───── RAW DATA

(* Let $I=[0,1]$ and let $G$ be a group with an injective homomorphism $\rho: G \to \mathrm{Diff}^1_+(I)$ (so $G$ acts on $I$ via $\rho$). Let $H$ be a finitely generated subgroup of $G$ with generating set $S=\{h_1,\dots,h_n\}$. Let $p\in I$ lie in the frontier of $\mathrm{fix}(H)$, and let $(p_m)$ be a sequence of points of $I\setminus \mathrm{fix}(H)$ with $p_m\to p$. Then there exist sequences $k_m\in\{1,\dots,n\}$ and $e_m\in\{+1,-1\}$ such that for every $h\in[H,H]$ there is an $M$ (depending on $h$) with $$h <_{p_m} h_{k_m}^{e_m}\quad\text{for all } m\ge M,$$ i.e. $h(p_m) < h_{k_m}^{e_m}(p_m)$ for all $m \ge M$.
   Context: $\mathrm{Diff}^1_+(I)$ denotes the group of orientation-preserving $C^1$ diffeomorphisms of the closed interval $I=[0,1]$. For a subgroup $H$ acting on $I$, $\mathrm{fix}(H)$ denotes the set of points of $I$ fixed by every element of $H$, and $[H,H]$ is the commutator subgroup of $H$. For a group $G$ acting on $I$ by orientation-preserving homeomorphisms and a point $q\in I$, the relation $<_q$ on $G$ is defined by: $a <_q b$ if and only if $a(q) < b(q)$ in $I$. *)

From Stdlib Require Import Reals.
Open Scope R_scope.
Set Implicit Arguments.
Unset Strict Implicit.

Definition inI (x : R) : Prop := 0 <= x <= 1.

Definition C1_on_I (f : R -> R) : Prop :=
  exists f' : R -> R,
    (forall x, inI x -> forall eps, 0 < eps -> exists delta, 0 < delta /\
       forall y, inI y -> 0 < Rabs (y - x) < delta ->
         Rabs ((f y - f x) / (y - x) - f' x) < eps) /\
    (forall x, inI x -> forall eps, 0 < eps -> exists delta, 0 < delta /\
       forall y, inI y -> Rabs (y - x) < delta -> Rabs (f' y - f' x) < eps).

Definition Diff1p (f : R -> R) : Prop :=
  (forall x, inI x -> inI (f x)) /\
  (exists g : R -> R,
     (forall x, inI x -> inI (g x) /\ f (g x) = x /\ g (f x) = x) /\
     C1_on_I f /\ C1_on_I g) /\
  (forall x y, inI x -> inI y -> x < y -> f x < f y).

Record is_group (G : Type) (mul : G -> G -> G) (inv : G -> G) (one : G) : Prop := {
  grp_assoc : forall a b c, mul a (mul b c) = mul (mul a b) c;
  grp_one_l : forall a, mul one a = a;
  grp_one_r : forall a, mul a one = a;
  grp_inv_l : forall a, mul (inv a) a = one;
  grp_inv_r : forall a, mul a (inv a) = one }.

Definition inj_hom_Diff1p (G : Type) (mul : G -> G -> G) (one : G)
  (rho : G -> R -> R) : Prop :=
  (forall g, Diff1p (rho g)) /\
  (forall a b x, inI x -> rho (mul a b) x = rho a (rho b x)) /\
  (forall x, inI x -> rho one x = x) /\
  (forall a b, (forall x, inI x -> rho a x = rho b x) -> a = b).

Inductive gen_by (G : Type) (mul : G -> G -> G) (inv : G -> G) (one : G)
  (P : G -> Prop) : G -> Prop :=
| gen_base : forall x, P x -> gen_by mul inv one P x
| gen_one : gen_by mul inv one P one
| gen_mul : forall x y, gen_by mul inv one P x -> gen_by mul inv one P y ->
            gen_by mul inv one P (mul x y)
| gen_inv : forall x, gen_by mul inv one P x -> gen_by mul inv one P (inv x).

Definition commutator_subgroup (G : Type) (mul : G -> G -> G) (inv : G -> G)
  (one : G) (H : G -> Prop) : G -> Prop :=
  gen_by mul inv one
    (fun c => exists a b, H a /\ H b /\ c = mul (mul (inv a) (inv b)) (mul a b)).

Definition fixset (G : Type) (rho : G -> R -> R) (H : G -> Prop) (q : R) : Prop :=
  inI q /\ forall h, H h -> rho h q = q.

Definition frontier_in_I (F : R -> Prop) (p : R) : Prop :=
  inI p /\
  (forall eps, 0 < eps -> exists q, F q /\ Rabs (q - p) < eps) /\
  (forall eps, 0 < eps -> exists q, inI q /\ ~ F q /\ Rabs (q - p) < eps).

(* x^e for a sign e in {+1,-1}, encoded as a boolean (true = +1, false = -1). *)
Definition signed_pow (G : Type) (inv : G -> G) (x : G) (e : bool) : G :=
  if e then x else inv x.

(* Every element of H fixes p, because p is a limit of points of fix(H), and each
   rho a has a strict derivative lam a at p (rho a is C^1 on I).  Along H, lam is
   multiplicative, so every commutator has derivative 1 at p.  Let D x be the largest
   displacement rho (h_k^(+-1)) x - x; it is positive off fix(H), and choosing
   (k_m, e_m) to realise D (p_m) it suffices that rho h x - x <= D x / 2 near p for
   each h in [H,H].  If some generator has derivative <> 1 at p, then D x >= c |x - p|
   whereas h moves x by o(|x - p|).  Otherwise all of H has derivative 1 at p: near p
   every displacement is O(D), displacement is almost additive under composition, and
   a commutator a^-1 b^-1 a b moves x by o(D x). *)

From Stdlib Require Import Reals Lra Lia ClassicalEpsilon Classical.
Open Scope R_scope.

Ltac rabs_split :=
  repeat match goal with
  | |- context [Rabs ?x] =>
      destruct (Rcase_abs x); [rewrite (Rabs_left x) by assumption
                              | rewrite (Rabs_right x) by assumption]
  | H : context [Rabs ?x] |- _ =>
      destruct (Rcase_abs x); [rewrite (Rabs_left x) in H by assumption
                              | rewrite (Rabs_right x) in H by assumption]
  end.

Definition near (p : R) (P : R -> Prop) : Prop :=
  exists d, 0 < d /\ forall x, inI x -> Rabs (x - p) < d -> P x.

Definition near2 (p : R) (Q : R -> R -> Prop) : Prop :=
  exists d, 0 < d /\
    forall y z, inI y -> inI z -> Rabs (y - p) < d -> Rabs (z - p) < d -> Q y z.

Lemma near_and {p} {P Q : R -> Prop} :
  near p P -> near p Q -> near p (fun x => P x /\ Q x).
Proof.
  intros [d1 [Hd1 K1]] [d2 [Hd2 K2]].
  exists (Rmin d1 d2); split; [now apply Rmin_pos |].
  intros x Hx Hxp; assert (M1 := Rmin_l d1 d2); assert (M2 := Rmin_r d1 d2).
  split; [apply K1 | apply K2]; auto; lra.
Qed.

Lemma near2_and {p} {Q1 Q2 : R -> R -> Prop} :
  near2 p Q1 -> near2 p Q2 -> near2 p (fun y z => Q1 y z /\ Q2 y z).
Proof.
  intros [d1 [Hd1 K1]] [d2 [Hd2 K2]].
  exists (Rmin d1 d2); split; [now apply Rmin_pos |].
  intros y z Hy Hz Hyp Hzp; assert (M1 := Rmin_l d1 d2); assert (M2 := Rmin_r d1 d2).
  split; [apply K1 | apply K2]; auto; lra.
Qed.

Lemma near_mono {p} {P Q : R -> Prop} :
  (forall x, inI x -> P x -> Q x) -> near p P -> near p Q.
Proof. intros PQ [d [Hd K]]; exists d; split; auto. Qed.

Lemma near_everywhere p (P : R -> Prop) : (forall x, inI x -> P x) -> near p P.
Proof. intros K; exists 1; split; auto; lra. Qed.

(* The factor 4 leaves room for the images of a point under two successive
   maps that fix [p] and are 2-Lipschitz there. *)
Lemma near_scale {p} {P : R -> Prop} :
  near p P -> near p (fun x => forall y, inI y -> Rabs (y - p) <= 4 * Rabs (x - p) -> P y).
Proof.
  intros [d [Hd K]]; exists (d / 4); split; [lra |].
  intros x Hx Hxp y Hy Hyp; apply K; auto; lra.
Qed.

Lemma near2_scale {p} {Q : R -> R -> Prop} :
  near2 p Q -> near p (fun x => forall y z, inI y -> inI z ->
    Rabs (y - p) <= 4 * Rabs (x - p) -> Rabs (z - p) <= 4 * Rabs (x - p) -> Q y z).
Proof.
  intros [d [Hd K]]; exists (d / 4); split; [lra |].
  intros x Hx Hxp y z Hy Hz Hyp Hzp; apply K; auto; lra.
Qed.

Lemma near2_at_p {p} {Q : R -> R -> Prop} : inI p -> near2 p Q -> near p (fun x => Q x p).
Proof.
  intros Hp [d [Hd K]]; exists d; split; auto.
  intros x Hx Hxp; apply K; auto; rewrite Rminus_diag, Rabs_R0; lra.
Qed.

Lemma near2_comp p (b : R -> R) (L : R) (Q : R -> R -> Prop) :
  0 < L -> inI p -> b p = p -> (forall x, inI x -> inI (b x)) ->
  near2 p (fun y z => Rabs (b y - b z) <= L * Rabs (y - z)) ->
  near2 p Q -> near2 p (fun y z => Q (b y) (b z)).
Proof.
  intros HL Hp Hbp HbI [d1 [Hd1 K1]] [d2 [Hd2 K2]].
  assert (HdL : 0 < d2 / L) by (apply Rdiv_lt_0_compat; lra).
  exists (Rmin d1 (d2 / L)); split; [now apply Rmin_pos |].
  assert (Hb : forall y, inI y -> Rabs (y - p) < Rmin d1 (d2 / L) -> Rabs (b y - p) < d2).
  { intros y Hy Hyp; assert (M1 := Rmin_l d1 (d2 / L)); assert (M2 := Rmin_r d1 (d2 / L)).
    assert (X := K1 y p Hy Hp ltac:(lra) ltac:(rewrite Rminus_diag, Rabs_R0; lra)).
    rewrite Hbp in X.
    assert (L * Rabs (y - p) < L * (d2 / L)) by (apply Rmult_lt_compat_l; lra).
    replace (L * (d2 / L)) with d2 in * by (field; lra). lra. }
  intros y z Hy Hz Hyp Hzp; apply K2; auto.
Qed.

Definition strict_deriv (f : R -> R) (p l : R) : Prop :=
  forall eps, 0 < eps ->
    near2 p (fun y z => Rabs (f y - f z - l * (y - z)) <= eps * Rabs (y - z)).

Definition rel_deriv (f f' : R -> R) : Prop :=
  forall x, inI x -> forall eps, 0 < eps -> exists delta, 0 < delta /\
    forall y, inI y -> 0 < Rabs (y - x) < delta ->
      Rabs ((f y - f x) / (y - x) - f' x) < eps.

Lemma derivable_pt_lim_interior (f f' : R -> R) :
  rel_deriv f f' -> forall c, 0 < c < 1 -> derivable_pt_lim f c (f' c).
Proof.
  intros Hd c Hc eps Heps.
  destruct (Hd c ltac:(unfold inI; lra) eps Heps) as [d [Hd0 Hd1]].
  assert (Hpos : 0 < Rmin d (Rmin c (1 - c))) by (repeat apply Rmin_pos; lra).
  exists (mkposreal _ Hpos); intros h Hh Hhd; simpl in Hhd.
  assert (H1 := Rmin_l d (Rmin c (1 - c))); assert (H2 := Rmin_r d (Rmin c (1 - c))).
  assert (H3 := Rmin_l c (1 - c)); assert (H4 := Rmin_r c (1 - c)).
  replace h with ((c + h) - c) at 2 by ring.
  apply Hd1.
  - unfold inI; revert Hhd; rabs_split; intros; lra.
  - replace (c + h - c) with h by ring; split; [now apply Rabs_pos_lt | lra].
Qed.

Lemma increment_bound_of_quotient (f f' : R -> R) l K x y :
  Rabs ((f y - f x) / (y - x) - f' x) < K -> Rabs (f' x - l) <= K -> y <> x ->
  Rabs (f y - f x - l * (y - x)) <= 2 * K * Rabs (y - x).
Proof.
  intros H1 H2 Hyx.
  set (q := (f y - f x) / (y - x)) in *.
  replace (f y - f x - l * (y - x)) with ((q - l) * (y - x)) by (unfold q; field; lra).
  rewrite Rabs_mult; apply Rmult_le_compat_r; [apply Rabs_pos |].
  replace (q - l) with ((q - f' x) + (f' x - l)) by ring.
  eapply Rle_trans; [apply Rabs_triang | lra].
Qed.

(* [f] need not be differentiable at the endpoints 0 and 1 of [I] in the sense of
   [derivable_pt_lim], so the mean value theorem is applied on an inner interval
   [a', b'] and the two end pieces are controlled by the difference quotients. *)
Lemma rel_deriv_mean_value (f f' : R -> R) l K a b :
  rel_deriv f f' -> 0 < K -> inI a -> inI b -> a < b ->
  (forall c, a <= c <= b -> Rabs (f' c - l) <= K) ->
  Rabs (f b - f a - l * (b - a)) <= 2 * K * (b - a).
Proof.
  intros Hd HK Ha Hb Hab HB.
  destruct (Hd a Ha K HK) as [da [Hda Ka]].
  destruct (Hd b Hb K HK) as [db [Hdb Kb]].
  unfold inI in *.
  set (a' := a + Rmin (da / 2) ((b - a) / 3)).
  set (b' := b - Rmin (db / 2) ((b - a) / 3)).
  assert (Ma1 := Rmin_l (da / 2) ((b - a) / 3)); assert (Ma2 := Rmin_r (da / 2) ((b - a) / 3)).
  assert (Mb1 := Rmin_l (db / 2) ((b - a) / 3)); assert (Mb2 := Rmin_r (db / 2) ((b - a) / 3)).
  assert (Ma3 : 0 < Rmin (da / 2) ((b - a) / 3)) by (apply Rmin_pos; lra).
  assert (Mb3 : 0 < Rmin (db / 2) ((b - a) / 3)) by (apply Rmin_pos; lra).
  assert (Ea : Rabs (f a' - f a - l * (a' - a)) <= 2 * K * (a' - a)).
  { rewrite <- (Rabs_right (a' - a)) at 2 by (unfold a'; lra).
    apply increment_bound_of_quotient with f'; [| apply HB; lra | unfold a'; lra].
    apply Ka; [unfold inI, a'; lra |].
    rewrite Rabs_right by (unfold a'; lra); unfold a'; lra. }
  assert (Eb : Rabs (f b' - f b - l * (b' - b)) <= 2 * K * (b - b')).
  { replace (b - b') with (Rabs (b' - b)) by (rewrite Rabs_left by (unfold b'; lra); ring).
    apply increment_bound_of_quotient with f'; [| apply HB; lra | unfold b'; lra].
    apply Kb; [unfold inI, b'; lra |].
    rewrite Rabs_left by (unfold b'; lra); unfold b'; lra. }
  assert (Hab' : a' < b') by (unfold a', b'; lra).
  destruct (MVT_cor2 f f' a' b' Hab') as [c [Hc1 Hc2]].
  { intros c Hc; apply derivable_pt_lim_interior; auto; unfold a', b' in *; lra. }
  assert (Em : Rabs (f b' - f a' - l * (b' - a')) <= K * (b' - a')).
  { rewrite Hc1.
    replace (f' c * (b' - a') - l * (b' - a')) with ((f' c - l) * (b' - a')) by ring.
    rewrite Rabs_mult, (Rabs_right (b' - a')) by lra.
    apply Rmult_le_compat_r; [lra | apply HB; unfold a', b' in *; lra]. }
  replace (f b - f a - l * (b - a)) with
    (- (f b' - f b - l * (b' - b)) + (f b' - f a' - l * (b' - a'))
     + (f a' - f a - l * (a' - a))) by ring.
  assert (Rabs (- (f b' - f b - l * (b' - b)) + (f b' - f a' - l * (b' - a'))
     + (f a' - f a - l * (a' - a))) <=
     Rabs (f b' - f b - l * (b' - b)) + Rabs (f b' - f a' - l * (b' - a'))
     + Rabs (f a' - f a - l * (a' - a))).
  { eapply Rle_trans; [apply Rabs_triang |].
    eapply Rle_trans; [apply Rplus_le_compat_r, Rabs_triang |].
    rewrite Rabs_Ropp; lra. }
  nra.
Qed.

──────────

WHAT THE TASK REQUIRES:
In the entries above, please find the line with "rewrite Hbp in X." and the line with "(forall c, a", then write out exactly those two lines and every line between them, and nothing more.

RESPONSE BOX:
    rewrite Hbp in X.
    assert (L * Rabs (y - p) < L * (d2 / L)) by (apply Rmult_lt_compat_l; lra).
    replace (L * (d2 / L)) with d2 in * by (field; lra). lra. }
  intros y z Hy Hz Hyp Hzp; apply K2; auto.
Qed.

Definition strict_deriv (f : R -> R) (p l : R) : Prop :=
  forall eps, 0 < eps ->
    near2 p (fun y z => Rabs (f y - f z - l * (y - z)) <= eps * Rabs (y - z)).

Definition rel_deriv (f f' : R -> R) : Prop :=
  forall x, inI x -> forall eps, 0 < eps -> exists delta, 0 < delta /\
    forall y, inI y -> 0 < Rabs (y - x) < delta ->
      Rabs ((f y - f x) / (y - x) - f' x) < eps.

Lemma derivable_pt_lim_interior (f f' : R -> R) :
  rel_deriv f f' -> forall c, 0 < c < 1 -> derivable_pt_lim f c (f' c).
Proof.
  intros Hd c Hc eps Heps.
  destruct (Hd c ltac:(unfold inI; lra) eps Heps) as [d [Hd0 Hd1]].
  assert (Hpos : 0 < Rmin d (Rmin c (1 - c))) by (repeat apply Rmin_pos; lra).
  exists (mkposreal _ Hpos); intros h Hh Hhd; simpl in Hhd.
  assert (H1 := Rmin_l d (Rmin c (1 - c))); assert (H2 := Rmin_r d (Rmin c (1 - c))).
  assert (H3 := Rmin_l c (1 - c)); assert (H4 := Rmin_r c (1 - c)).
  replace h with ((c + h) - c) at 2 by ring.
  apply Hd1.
  - unfold inI; revert Hhd; rabs_split; intros; lra.
  - replace (c + h - c) with h by ring; split; [now apply Rabs_pos_lt | lra].
Qed.

Lemma increment_bound_of_quotient (f f' : R -> R) l K x y :
  Rabs ((f y - f x) / (y - x) - f' x) < K -> Rabs (f' x - l) <= K -> y <> x ->
  Rabs (f y - f x - l * (y - x)) <= 2 * K * Rabs (y - x).
Proof.
  intros H1 H2 Hyx.
  set (q := (f y - f x) / (y - x)) in *.
  replace (f y - f x - l * (y - x)) with ((q - l) * (y - x)) by (unfold q; field; lra).
  rewrite Rabs_mult; apply Rmult_le_compat_r; [apply Rabs_pos |].
  replace (q - l) with ((q - f' x) + (f' x - l)) by ring.
  eapply Rle_trans; [apply Rabs_triang | lra].
Qed.

(* [f] need not be differentiable at the endpoints 0 and 1 of [I] in the sense of
   [derivable_pt_lim], so the mean value theorem is applied on an inner interval
   [a', b'] and the two end pieces are controlled by the difference quotients. *)
Lemma rel_deriv_mean_value (f f' : R -> R) l K a b :
  rel_deriv f f' -> 0 < K -> inI a -> inI b -> a < b ->
  (forall c, a <= c <= b -> Rabs (f' c - l) <= K) ->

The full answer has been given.